Tracking #: 3775-4989

This paper is currently under review
Authors: 
Ensiyeh Raoufi
Bill Gates Happi Happi
Pierre Larmande
Francois Scharffe
Konstantin Todorov

Responsible editor: 
Guest Editors OM-ML 2024

Submission type: 
Full Paper
Abstract: 
Representation learning for Entity Alignment (EA) aims to map, across two Knowledge Graphs (KG), distinct entities that correspond to the same real-world object using an embedding space. Hence, the similarity of the learned entity embeddings serves as a proxy for that of the actual entities. Although many embedding-based models show very good performance on established synthetic benchmark datasets, in this paper we demonstrate that benchmark overfitting limits the applicability of these methods in real-world scenarios, where we deal with highly heterogeneous, incomplete, and domain-specific data.

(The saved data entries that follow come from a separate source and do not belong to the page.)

(* Let $M^\alpha,M^\beta$ be manifolds equipped with flows $\phi^\alpha,\phi^\beta$, let $N^\alpha,N^\beta$ be isolating neighborhoods, and let $h^{\beta\alpha}:M^\alpha\to M^\beta$ be an isolated map. Then there exists an open neighborhood $A$ of $(\phi^\alpha,h^{\beta\alpha},\phi^\beta)$ in $\mathscr{C}=\{(\tilde\phi^\alpha,\tilde h^{\beta\alpha},\tilde\phi^\beta)\in C^\infty(\mathbb{R}\times M^\alpha,M^\alpha)\times C^\infty(M^\alpha,M^\beta)\times C^\infty(\mathbb{R}\times M^\beta,M^\beta):N^\alpha,N^\beta\text{ are isolating neighborhoods of the flows }\tilde\phi^\alpha,\tilde\phi^\beta\}$, equipped with the compact-open topology, such that for every $(\tilde\phi^\alpha,\tilde h^{\beta\alpha},\tilde\phi^\beta)\in A$ the map $\tilde h^{\beta\alpha}$ is isolated with respect to $N^\alpha,N^\beta$ and the flows $\tilde\phi^\alpha,\tilde\phi^\beta$.
   Context: A compact neighborhood $N$ is an isolating neighborhood for a flow $\phi$ if $\operatorname{Inv}(N,\phi)=\{x\in N:\phi(t,x)\in N\ \forall t\in\mathbb{R}\}\subset\operatorname{Int}N$. For a point $p$, $\mathcal{O}_+(p)=\{\phi(t,p):t\ge0\}$ and $\mathcal{O}_-(p)=\{\phi(t,p):t\le0\}$. A map $h:M^\alpha\to M^\beta$ is isolated (with respect to $N^\alpha,N^\beta$ and flows $\phi^\alpha,\phi^\beta$) if every $p$ in $S_h=\{p\in N^\alpha:\mathcal{O}_-(p)\subset N^\alpha,\ \mathcal{O}_+(h(p))\subset N^\beta\}$ satisfies $\mathcal{O}_-(p)\subset\operatorname{Int}N^\alpha$ and $\mathcal{O}_+(h(p))\subset\operatorname{Int}N^\beta$ (orbits taken with respect to $\phi^\alpha$, resp. $\phi^\beta$). *)

From HB Require Import structures.
From mathcomp Require Import all_boot all_order all_algebra.
From mathcomp Require Import all_classical all_reals all_analysis.
Set Implicit Arguments. Unset Strict Implicit. Unset Printing Implicit Defensive.
Import Order.TTheory GRing.Theory Num.Theory.
Import numFieldNormedType.Exports.
Local Open Scope classical_set_scope.
Local Open Scope ring_scope.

While there have been efforts to employ sampling algorithms to generate benchmark datasets reflecting as much as possible real-world scenarios, there is still a lack of comprehensive analysis and comparison between the performance of methods on synthetic benchmark and original real-world heterogeneous datasets. In addition, most existing models report their performance by excluding from the alignment candidate search space entities that are not part of the validation data. This under-represents the knowledge and the data contained in the KGs, limiting the ability of these models to find new alignments in large-scale KGs. We analyze models with competitive performance on widely used synthetic benchmark datasets, such as the cross-lingual DBP15K. We compare the performance of the selected models on real-world heterogeneous datasets beyond DBP15K and we show that most of the current approaches are not effectively capable of discovering mappings between entities in the real world, due to the above-mentioned drawbacks. We compare the utilized methods from different aspects and measure joint semantic similarity and profiling properties of the KGs to explain the models' performance drop on real-world datasets. Furthermore, we show how tuning the EA models by restricting the search space only to validation data affects the models' performance and causes them to face generalization issues. By addressing practical challenges in applying EA models to heterogeneous datasets and providing valuable insights for future research, we signal the need for more robust solutions in real-world applications.
Full PDF Version: 
Tags: 
Under Review